Pure Go Full Text Search of PDF Files
This library implements full text search for PDFs.
- The public APIs are in index_search.go.
The are some command lines programs that demonstrate the library's functionality.
- examples/pdf_search_demo.go demonstrates the main APIs.
- examples/index.go builds an index over a set of PDFs.
- examples/search.go searches the index build by examples/index.go.
Binary versions (executables) of these three programs are available in releases. There are 64-bit binaries for Windows, Mac and Linux. The binaries do not require a UniDoc license.

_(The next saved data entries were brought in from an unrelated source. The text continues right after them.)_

Definition IsLimit (J C : Category) (D : Functor J C) (L : C)
    (leg : forall j, Hom L (D j)) : Prop :=
  (forall j k (u : Hom j k), comp (fmap D u) (leg j) = leg k) /\
  (forall (M : C) (leg' : forall j, Hom M (D j)),
      (forall j k (u : Hom j k), comp (fmap D u) (leg' j) = leg' k) ->
      exists h : Hom M L, (forall j, comp (leg j) h = leg' j) /\
        (forall h' : Hom M L, (forall j, comp (leg j) h' = leg' j) -> h' = h)).

Definition IsColimit (J C : Category) (D : Functor J C) (L : C)
    (leg : forall j, Hom (D j) L) : Prop :=
  (forall j k (u : Hom j k), comp (leg k) (fmap D u) = leg j) /\
  (forall (M : C) (leg' : forall j, Hom (D j) M),
      (forall j k (u : Hom j k), comp (leg' k) (fmap D u) = leg' j) ->
      exists h : Hom L M, (forall j, comp h (leg j) = leg' j) /\
        (forall h' : Hom L M, (forall j, comp h' (leg j) = leg' j) -> h' = h)).

Definition Bicomplete (C : Category) : Prop :=
  forall (J : Category), FiniteCat J -> forall D : Functor J C,
    (exists (L : C) (leg : forall j, Hom L (D j)), IsLimit leg) /\
    (exists (L : C) (leg : forall j, Hom (D j) L), IsColimit leg).

Definition MorClass (C : Category) := forall A B : C, Hom A B -> Prop.

Definition is_iso (C : Category) (A B : C) (f : Hom A B) : Prop :=
  exists g : Hom B A, comp g f = idm A /\ comp f g = idm B.

Definition isoC (C : Category) : MorClass C := fun A B f => is_iso f.

Definition cap (C : Category) (K L : MorClass C) : MorClass C :=
  fun A B f => K A B f /\ L A B f.

Definition lifts (C : Category) (A B X Y : C) (f : Hom A B) (g : Hom X Y) : Prop :=
  forall (u : Hom A X) (v : Hom B Y), comp g u = comp v f ->
    exists d : Hom B X, comp d f = u /\ comp g d = v.

Definition WFS (C : Category) (L R : MorClass C) : Prop :=
  (forall A B (f : Hom A B),
      L A B f <-> (forall X Y (g : Hom X Y), R X Y g -> lifts f g)) /\
  (forall X Y (g : Hom X Y),
      R X Y g <-> (forall A B (f : Hom A B), L A B f -> lifts f g)) /\
  (forall A B (f : Hom A B), exists (M : C) (i : Hom A M) (p : Hom M B),
      L A M i /\ R M B p /\ f = comp p i).

Definition Subcategory (C : Category) (K : MorClass C) : Prop :=
  (forall A : C, K A A (idm A)) /\
  (forall A B D (f : Hom A B) (g : Hom B D), K A B f -> K B D g -> K A D (comp g f)).

Definition TwoOutOfThree (C : Category) (W : MorClass C) : Prop :=
  forall A B D (f : Hom A B) (g : Hom B D),
    (W A B f -> W B D g -> W A D (comp g f)) /\
    (W A B f -> W A D (comp g f) -> W B D g) /\
    (W B D g -> W A D (comp g f) -> W A B f).

Definition ModelStructure (C : Category) (we cof fib : MorClass C) : Prop :=
  Subcategory we /\ Subcategory cof /\ Subcategory fib /\
  WFS cof (cap fib we) /\ WFS (cap cof we) fib /\ TwoOutOfThree we.

Inductive E3 := Emp | Emid | Estar.

Definition E3rank (x : E3) : nat := match x with Emp => 0 | Emid => 1 | Estar => 2 end.

Definition E3hom (x y : E3) : Type := if Nat.leb (E3rank x) (E3rank y) then unit else Empty_set.

Definition E3id (x : E3) : E3hom x x := match x with Emp => tt | Emid => tt | Estar => tt end.

Definition E3comp (x y z : E3) : E3hom y z -> E3hom x y -> E3hom x z.
Proof. destruct x, y, z; simpl; intros g f; first [exact tt | exact (match f with end) | exact (match g with end)]. Defined.

Lemma E3hom_unique (x y : E3) (f g : E3hom x y) : f = g.
Proof. destruct x, y; simpl in *; destruct f; try destruct g; reflexivity. Qed.

Definition Eprime : Category.
Proof.
  refine {| Obj := E3; Hom := E3hom; idm := E3id; comp := E3comp |};
  intros; apply E3hom_unique.
Defined.

Definition cofF (C : Category) (F : Functor C Eprime) : MorClass C :=
  fun A B f => F B <> Emp \/ is_iso f.

Definition fibF (C : Category) (F : Functor C Eprime) : MorClass C :=
  fun X Y f => F X <> Estar \/ is_iso f.

(* In the thin category E', F(f) = 1_x iff F(source) = F(target) = x. *)
Definition weF (C : Category) (F : Functor C Eprime) : MorClass C :=
  fun A B f => (F A = Emp /\ F B = Emp) \/ (F A = Estar /\ F B = Estar) \/ is_iso f.

Set Implicit Arguments.
Unset Strict Implicit.

(* A functor F : C -> E' is a monotone "level" map on objects: a morphism
   A -> B forces F(A) <= F(B) in the order emp < E < star, and isomorphisms
   preserve levels.  Reading the classes of C^F through this order gives
     cof = {F(B) <> emp} u iso,        fib /\ we = {F(B) = emp} u iso,
     cof /\ we = {F(A) = star} u iso,  fib = {F(A) <> star} u iso,
   and we = {F(A) = F(B), and f iso when this level is E}.
   Each of the two pairs has the shape (Lp u iso, Rp u iso) where every
   morphism satisfies Lp or Rp and no commutative square has an Lp-map on
   the left and an Rp-map on the right.  A general lemma shows that such a
   "dichotomy" pair is always a weak factorization system (factor through an
   identity; a map lifting against itself is an isomorphism).  Two-out-of-three
   for we reduces to two-out-of-three for isomorphisms. *)

Section IsomorphismsAndLifting.
Variable C : Category.

Lemma iso_id (A : C) : is_iso (idm A).
Proof. exists (idm A). rewrite comp_id_l. split; reflexivity. Qed.

Lemma iso_comp (A B D : C) (f : Hom A B) (g : Hom B D) :
  is_iso f -> is_iso g -> is_iso (comp g f).
Proof.
  intros [f' [Hff' Hf'f]] [g' [Hgg' Hg'g]]. exists (comp f' g'). split.
  - rewrite comp_assoc, <- (comp_assoc f'), Hgg', comp_id_r. exact Hff'.
  - rewrite comp_assoc, <- (comp_assoc g), Hf'f, comp_id_r. exact Hg'g.
Qed.

Lemma iso_inverse (A B : C) (f : Hom A B) (f' : Hom B A) :
  comp f' f = idm A -> comp f f' = idm B -> is_iso f'.
Proof. intros Hl Hr. exists f. split; assumption. Qed.

Lemma iso_two_out_of_three : TwoOutOfThree (@isoC C).
Proof.
  intros A B D f g. split; [|split]; unfold isoC.
  - apply iso_comp.
  - intros [f' [Hl Hr]] Hgf.
    assert (Hg : g = comp (comp g f) f')
      by (rewrite <- comp_assoc, Hr, comp_id_r; reflexivity).
    rewrite Hg. apply iso_comp; [exact (iso_inverse Hl Hr) | exact Hgf].
  - intros [g' [Hl Hr]] Hgf.
    assert (Hf : f = comp g' (comp g f))
      by (rewrite comp_assoc, Hl, comp_id_l; reflexivity).
    rewrite Hf. apply iso_comp; [exact Hgf | exact (iso_inverse Hl Hr)].
Qed.

Lemma subcategory_of_two_out_of_three (W : MorClass C) :
  (forall A : C, W A A (idm A)) -> TwoOutOfThree W -> Subcategory W.
Proof. intros Hid H23. split; [exact Hid |]. intros A B D f g. apply H23. Qed.

Lemma lifts_iso_l (A B X Y : C) (f : Hom A B) (g : Hom X Y) :
  is_iso f -> lifts f g.
Proof.
  intros [f' [Hl Hr]] u v Hsq. exists (comp u f'). split.
  - rewrite <- comp_assoc, Hl, comp_id_r. reflexivity.
  - rewrite comp_assoc, Hsq, <- comp_assoc, Hr, comp_id_r. reflexivity.
Qed.

Lemma lifts_iso_r (A B X Y : C) (f : Hom A B) (g : Hom X Y) :
  is_iso g -> lifts f g.
Proof.
  intros [g' [Hl Hr]] u v Hsq. exists (comp g' v). split.
  - rewrite <- comp_assoc, <- Hsq, comp_assoc, Hl, comp_id_l. reflexivity.
  - rewrite comp_assoc, Hr, comp_id_l. reflexivity.
Qed.

Lemma iso_of_self_lift (A B : C) (f : Hom A B) : lifts f f -> is_iso f.
Proof.
  intros H. destruct (H (idm A) (idm B)) as [d [Hl Hr]].
  - rewrite comp_id_l, comp_id_r. reflexivity.
  - exists d. split; assumption.
Qed.

Definition orIso (P : MorClass C) : MorClass C := fun A B f => P A B f \/ is_iso f.

Lemma wfs_of_dichotomy (Lp Rp : MorClass C) :
  (forall A B (f : Hom A B), Lp A B f \/ Rp A B f) ->
  (forall A B X Y (f : Hom A B) (g : Hom X Y), Lp A B f -> Rp X Y g -> lifts f g) ->
  WFS (orIso Lp) (orIso Rp).
Proof.
  intros Hcover Hlift.
  assert (Hlifts : forall A B X Y (f : Hom A B) (g : Hom X Y),
             orIso Lp f -> orIso Rp g -> lifts f g).
  { intros A B X Y f g [Hf|Hf] [Hg|Hg];
      auto using lifts_iso_l, lifts_iso_r. }
  split; [|split].
  - intros A B f. split; [intros Hf X Y g; apply Hlifts, Hf |].
    intros H. destruct (Hcover A B f) as [Hf|Hf]; [left; exact Hf | right].
    apply iso_of_self_lift, H. left; exact Hf.
  - intros X Y g. split; [intros Hg A B f Hf; apply Hlifts; assumption |].
    intros H. destruct (Hcover X Y g) as [Hg|Hg]; [right | left; exact Hg].
    apply iso_of_self_lift, H. left; exact Hg.
  - intros A B f. destruct (Hcover A B f) as [Hf|Hf].
    + exists B, f, (idm B). split; [left; exact Hf | split].
      * right; apply iso_id.
      * rewrite comp_id_l; reflexivity.
    + exists A, (idm A), f. split; [right; apply iso_id | split].
      * left; exact Hf.
      * rewrite comp_id_r; reflexivity.
Qed.

Lemma wfs_ext (L L' R R' : MorClass C) :
  (forall A B (f : Hom A B), L A B f <-> L' A B f) ->
  (forall A B (f : Hom A B), R A B f <-> R' A B f) ->
  WFS L R -> WFS L' R'.
Proof.
  intros EL ER [HL [HR Hfact]]. split; [|split].
  - intros A B f. rewrite <- EL, HL.
    split; intros H X Y g Hg; apply H, ER, Hg.
  - intros X Y g. rewrite <- ER, HR.
    split; intros H A B f Hf; apply H, EL, Hf.
  - intros A B f. destruct (Hfact A B f) as (M & i & p & Hi & Hp & Hf).
    exists M, i, p. split; [apply EL, Hi | split; [apply ER, Hp | exact Hf]].
Qed.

git clone https://github.com/PaperCutSoftware/pdfsearch
cd pdfsearch/examples go build pdf_search_demo.go go build index.go go build search.go
./pdf_search_demo -f <PDF path> <search term>
./pdf_search_demo -f PDF32000_2008.pdf cubic Bézier curve
The example will search
PDF32000_2008.pdf for cubic Bézier curve.

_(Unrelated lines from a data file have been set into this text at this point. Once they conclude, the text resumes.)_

(* The thresholding algorithm with $t$ thresholds cannot achieve an approximation factor better than $1-\left(1-\frac{1}{t+1}\right)^t$. Precisely: let $t\ge1$ be an integer and $\varepsilon>0$. Then there is $k_0$ such that for every integer $k\ge k_0$ and all reals $c_1\ge c_2\ge\dots\ge c_t>0$, there exist a finite ground set $V$, a monotone submodular $f:2^V\to\mathbb{R}_{\ge0}$ with $OPT:=\max_{A\subseteq V,|A|\le k}f(A)>0$, and an execution of the thresholding algorithm with thresholds $\alpha_\ell=c_\ell\,\frac{OPT}{k}$ ($1\le \ell\le t$) whose output $G$ satisfies $f(G)\le\left(1-\left(1-\frac{1}{t+1}\right)^t+\varepsilon\right)OPT$.
   Context: A function $f:2^V\to\mathbb{R}_{\ge0}$ is submodular if $f(A\cup\{e\})-f(A)\ge f(B\cup\{e\})-f(B)$ for all $A\subseteq B\subseteq V$ and $e\notin B$, and monotone if $f(A\cup\{e\})-f(A)\ge 0$ for all $A$ and $e\notin A$. Write $f_A(e)=f(A\cup\{e\})-f(A)$. The thresholding algorithm with cardinality bound $k$ and thresholds $\alpha_1\ge\alpha_2\ge\dots\ge\alpha_t>0$ (which may be chosen with knowledge of $OPT$ and $k$): start with $G=\emptyset$; for $\ell=1,\dots,t$ in turn, as long as $|G|<k$ and some $e\in V\setminus G$ has $f_G(e)\ge\alpha_\ell$, add one such element $e$ to $G$ (the choice among eligible elements, i.e. the processing order, is arbitrary); when no such element exists or $|G|=k$, move to the next threshold. Output $G$. An execution is any run consistent with these rules. *)

From HB Require Import structures.
From mathcomp Require Import all_boot all_order all_algebra.
From mathcomp Require Import reals.
Set Implicit Arguments. Unset Strict Implicit. Unset Printing Implicit Defensive.
Import Order.TTheory GRing.Theory Num.Theory.
Local Open Scope ring_scope.

Section Defs.
Variables (R : realType) (V : finType).

Definition marg (f : {set V} -> R) (A : {set V}) (e : V) : R := f (e |: A) - f A.

Definition nonneg_fun (f : {set V} -> R) : Prop := forall A, 0 <= f A.

Definition monotone (f : {set V} -> R) : Prop :=
  forall (A : {set V}) (e : V), e \notin A -> 0 <= marg f A e.

Definition submodular (f : {set V} -> R) : Prop :=
  forall (A B : {set V}) (e : V), A \subset B -> e \notin B -> marg f B e <= marg f A e.

(* OPT = max_{|A| <= k} f A  (f is nonnegative, so 0 as the neutral element is harmless) *)
Definition OPT (f : {set V} -> R) (k : nat) : R :=
  \big[Num.max/0]_(A : {set V} | (#|A| <= k)%N) f A.

(* thr_exec f k t alpha l G out : starting at threshold index l (0-based, thresholds
   alpha 0 >= ... >= alpha (t-1)) with current set G, some execution of the
   thresholding algorithm outputs out. *)
Inductive thr_exec (f : {set V} -> R) (k t : nat) (alpha : nat -> R) :
    nat -> {set V} -> {set V} -> Prop :=
  | thr_done (l : nat) (G : {set V}) : (t <= l)%N -> thr_exec f k t alpha l G G
  | thr_add (l : nat) (G : {set V}) (e : V) (out : {set V}) : (l < t)%N -> (#|G| < k)%N -> e \notin G ->
      alpha l <= marg f G e -> thr_exec f k t alpha l (e |: G) out ->
      thr_exec f k t alpha l G out
  | thr_next (l : nat) (G out : {set V}) : (l < t)%N ->
      ((k <= #|G|)%N \/ (forall e : V, e \notin G -> marg f G e < alpha l)) ->
      thr_exec f k t alpha l.+1 G out ->
      thr_exec f k t alpha l G out.

End Defs.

pdf_search_demo.go shows how to use the APIs in index_search.go to
- create indexes over PDFs,
- search those indexes using full-text search, and
- mark up PDFs with the locations of the search matches on pages.
./index <file pattern>
The example creates an on-disk index over the PDFs in
~/climate/ and its subdirectories.
./search <search term>
./search integrated assessment model
The example searches the on-disk index created by examples/index.go for integrated assessment model.